# Anyone tested R5(6) + TC 1.4x III + 400mm f/5.6L ?



## fabioduarte (Aug 5, 2021)

Has anyone used or knows someone who's used this combo and could tell how it performs? 

I have this lens combo on a 7D Mark II and really want IS. Doing the math, my conclusion is that the best option for me while keeping a prime lens is to move to a body with IBIS. Since I'm tired of waiting for the ghost R7, the R5 seems the only option. 

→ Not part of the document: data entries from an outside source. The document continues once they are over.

(* For every frame $\mathcal{F}=\langle S,R\rangle$, $\mathcal{F}\vDash \bullet q\land\Delta p\land\circ(\neg q\to p)\to\circ(\neg q\to\circ(\neg r\to p))$ (for distinct propositional variables $p,q,r$) if and only if $R$ is transitive.
   Context: Fix a nonempty set $\mathbf{P}$ of propositional variables (containing distinct $p,q,r$). $\mathcal{L}(\nabla,\bullet)$: $\phi::=p\mid\neg\phi\mid\phi\land\phi\mid\nabla\phi\mid\bullet\phi$; $\Delta\phi:=\neg\nabla\phi$, $\circ\phi:=\neg\bullet\phi$. A frame is $\langle S,R\rangle$ with $S\neq\emptyset$, $R\subseteq S\times S$; a model based on it adds $V:\mathbf{P}\to\mathcal{P}(S)$. Truth: $\mathcal{M},s\vDash\nabla\phi$ iff there are $t,u$ with $sRt$, $sRu$, $\mathcal{M},t\vDash\phi$, $\mathcal{M},u\nvDash\phi$; $\mathcal{M},s\vDash\bullet\phi$ iff $\mathcal{M},s\vDash\phi$ and there is $t$ with $sRt$, $\mathcal{M},t\nvDash\phi$. $\mathcal{F}\vDash\phi$ means $\phi$ is true at every state of every model based on $\mathcal{F}$. *)

From Stdlib Require Import Classical.

Inductive form (P : Type) : Type :=
| Var : P -> form P
| Neg : form P -> form P
| And : form P -> form P -> form P
| Nabla : form P -> form P
| Bullet : form P -> form P.
Arguments Var {P} _.
Arguments Neg {P} _.
Arguments And {P} _ _.
Arguments Nabla {P} _.
Arguments Bullet {P} _.

Definition Imp {P} (a b : form P) : form P := Neg (And a (Neg b)).
Definition Delta {P} (a : form P) : form P := Neg (Nabla a).
Definition Circ {P} (a : form P) : form P := Neg (Bullet a).

Record frame := { S : Type; S_inhabited : inhabited S; R : S -> S -> Prop }.

Fixpoint sat {P : Type} (F : frame) (V : P -> S F -> Prop) (s : S F) (phi : form P) : Prop :=
  match phi with
  | Var x => V x s
  | Neg a => ~ sat F V s a
  | And a b => sat F V s a /\ sat F V s b
  | Nabla a => exists t u, R F s t /\ R F s u /\ sat F V t a /\ ~ sat F V u a
  | Bullet a => sat F V s a /\ exists t, R F s t /\ ~ sat F V t a
  end.

Definition frame_valid {P : Type} (F : frame) (phi : form P) : Prop :=
  forall (V : P -> S F -> Prop) (s : S F), sat F V s phi.

Definition transitive_frame (F : frame) : Prop :=
  forall x y z : S F, R F x y -> R F y z -> R F x z.

(* If the antecedent holds at s, then q holds at s but fails at some successor t; there
   [~q -> p] must hold, so p holds at t, and by [Delta p] at every successor of s.  The
   consequent can only fail at s through a successor u and a successor w of u with p
   false at w; transitivity makes w a successor of s, which is impossible.  Conversely, if
   x R y R z but not x R z, the valuation p := R x, q := S \ {y}, r := {} satisfies the
   antecedent at x and falsifies the consequent there, through u := y and w := z. *)
From Stdlib Require Import Classical.

Definition antecedent {P : Type} (p q : P) : form P :=
  And (And (Bullet (Var q)) (Delta (Var p))) (Circ (Imp (Neg (Var q)) (Var p))).

Definition consequent {P : Type} (p q r : P) : form P :=
  Circ (Imp (Neg (Var q)) (Circ (Imp (Neg (Var r)) (Var p)))).

Section Semantics.

Variables (P : Type) (F : frame) (V : P -> S F -> Prop).

Lemma sat_Imp (s : S F) (a b : form P) :
  sat F V s (Imp a b) <-> (sat F V s a -> sat F V s b).
Proof. simpl; split; [intros H Ha; apply NNPP; tauto | tauto]. Qed.

Lemma sat_Delta (s : S F) (a : form P) :
  sat F V s (Delta a) <->
  (forall t u, R F s t -> R F s u -> sat F V t a -> sat F V u a).
Proof.
  simpl; split.
  - intros H t u Ht Hu Hat; apply NNPP; intro Hau; apply H; now exists t, u.
  - intros H [t [u [Ht [Hu [Hat Hau]]]]]; exact (Hau (H t u Ht Hu Hat)).
Qed.

Lemma sat_Circ (s : S F) (a : form P) :
  sat F V s (Circ a) <-> (sat F V s a -> forall t, R F s t -> sat F V t a).
Proof.
  simpl; split.
  - intros H Ha t Ht; apply NNPP; intro Hta; apply H; split; [exact Ha | now exists t].
  - intros H [Ha [t [Ht Hta]]]; exact (Hta (H Ha t Ht)).
Qed.

Variables (p q r : P).

Lemma antecedent_forces_successors (s : S F) :
  sat F V s (antecedent p q) -> forall t, R F s t -> V p t.
Proof.
  unfold antecedent; cbn [sat]; rewrite sat_Delta, sat_Circ.
  intros [[[Hq [t [Hst Hnq]]] Hagree] Hcirc] u Hsu.
  assert (Hpt : V p t).
  { assert (Himp : sat F V s (Imp (Neg (Var q)) (Var p))) by (apply sat_Imp; cbn; tauto).
    exact (proj1 (sat_Imp t _ _) (Hcirc Himp t Hst) Hnq). }
  exact (Hagree t u Hst Hsu Hpt).
Qed.

Lemma consequent_of_two_step (s : S F) :
  (forall u w, R F s u -> R F u w -> V p w) -> sat F V s (consequent p q r).
Proof.
  intros Hp; unfold consequent; apply sat_Circ; intros _ u Hsu.
  apply sat_Imp; intros _; apply sat_Circ; intros _ w Huw.
  apply sat_Imp; intros _; exact (Hp u w Hsu Huw).
Qed.

End Semantics.

Arguments sat_Imp {P F V s a b}.
Arguments sat_Delta {P F V s a}.
Arguments sat_Circ {P F V s a}.

Lemma valid_of_transitive (P : Type) (p q r : P) (F : frame) :
  transitive_frame F -> frame_valid F (Imp (antecedent p q) (consequent p q r)).
Proof.
  intros Htrans V s; apply sat_Imp; intros Hant.
  apply consequent_of_two_step; intros u w Hsu Huw.
  exact (antecedent_forces_successors _ _ _ _ _ _ Hant w (Htrans _ _ _ Hsu Huw)).
Qed.

Section Countermodel.

Variables (P : Type) (p q r : P).
Hypotheses (hpq : p <> q) (hpr : p <> r) (hqr : q <> r).
Variables (F : frame) (x y z : S F).
Hypotheses (Hxy : R F x y) (Hyz : R F y z) (Hxz : ~ R F x z).

Definition counter_val (v : P) (w : S F) : Prop :=
  (v = p /\ R F x w) \/ (v = q /\ w <> y).

Lemma counter_val_p (w : S F) : counter_val p w <-> R F x w.
Proof. unfold counter_val; split; [intros [[_ H] | [E _]]; [exact H | congruence] | auto]. Qed.

Lemma counter_val_q (w : S F) : counter_val q w <-> w <> y.
Proof. unfold counter_val; split; [intros [[E _] | [_ H]]; [congruence | exact H] | auto]. Qed.

Lemma counter_val_r (w : S F) : ~ counter_val r w.
Proof. unfold counter_val; intros [[E _] | [E _]]; congruence. Qed.

Lemma counter_root_neq : x <> y.
Proof. intros ->; exact (Hxz Hyz). Qed.

Lemma counter_antecedent : sat F counter_val x (antecedent p q).
Proof.
  pose proof counter_root_neq as Hneq.
  unfold antecedent; cbn [sat]; rewrite sat_Delta, sat_Circ, counter_val_q.
  repeat split.
  - exact Hneq.
  - exists y; split; [exact Hxy | rewrite counter_val_q; tauto].
  - intros t u _ Hu _; apply counter_val_p, Hu.
  - intros _ t Ht; apply sat_Imp; intros _; apply counter_val_p, Ht.
Qed.

Lemma counter_consequent_fails : ~ sat F counter_val x (consequent p q r).
Proof.
  unfold consequent; rewrite sat_Circ; intros Hc.
  assert (Hx : sat F counter_val x
                 (Imp (Neg (Var q)) (Circ (Imp (Neg (Var r)) (Var p))))).
  { apply sat_Imp; cbn [sat]; rewrite counter_val_q; intro Hnq.
    exfalso; exact (Hnq counter_root_neq). }
  pose proof (proj1 sat_Imp (Hc Hx y Hxy)) as Hy.
  cbn [sat] in Hy; rewrite counter_val_q in Hy.
  assert (Hpy : sat F counter_val y (Imp (Neg (Var r)) (Var p))).
  { apply sat_Imp; intros _; apply counter_val_p, Hxy. }
  pose proof (proj1 sat_Circ (Hy (fun H => H eq_refl)) Hpy z Hyz) as Hz.
  apply Hxz, counter_val_p, (proj1 sat_Imp Hz), counter_val_r.
Qed.

End Countermodel.

Lemma transitive_of_valid (P : Type) (p q r : P)
  (hpq : p <> q) (hpr : p <> r) (hqr : q <> r) (F : frame) :
  frame_valid F (Imp (antecedent p q) (consequent p q r)) -> transitive_frame F.
Proof.
  intros Hvalid x y z Hxy Hyz; apply NNPP; intro Hxz.
  apply (counter_consequent_fails P p q r hpq hpr hqr F x y z Hxy Hyz Hxz).
  exact (proj1 sat_Imp (Hvalid _ x)
           (counter_antecedent P p q hpq F x y z Hxy Hyz Hxz)).
Qed.

Theorem proposition5 (P : Type) (p q r : P)
  (hpq : p <> q) (hpr : p <> r) (hqr : q <> r) (F : frame) :
  frame_valid F
    (Imp (And (And (Bullet (Var q)) (Delta (Var p))) (Circ (Imp (Neg (Var q)) (Var p))))
         (Circ (Imp (Neg (Var q)) (Circ (Imp (Neg (Var r)) (Var p))))))
  <-> transitive_frame F.
Proof.
  split.
  - exact (transitive_of_valid P p q r hpq hpr hqr F).
  - exact (valid_of_transitive P p q r F).
Qed.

I appreciate your comments. 

Cheers,
Fabio.


----------



## tron (Aug 5, 2021)

fabioduarte said:


> Has anyone used or knows someone who's used this combo and could tell how it performs?
> 
> I have this lens combo on a 7D Mark II and really want IS. Doing the math, my conclusion is that the best option for me while keeping a prime lens is to move to a body with IBIS. Since I'm tired of waiting for the ghost R7, the R5 seems the only option.
> 
> ...


Or you can get a 100-400 II L and get IS! It is much cheaper than R5  They mentioned in this site that for telephoto use IS is much better than IBIS. But I have no link or personal experience for this comparison. Only that I am happy with my 100-400 II.


----------



## fabioduarte (Aug 5, 2021)

tron said:


> Or you can get a 100-400 II L and get IS! It is much cheaper than R5  They mentioned in this site that for telephoto use IS is much better than IBIS. But I have no link or personal experience for this comparison. Only that I am happy with my 100-400 II.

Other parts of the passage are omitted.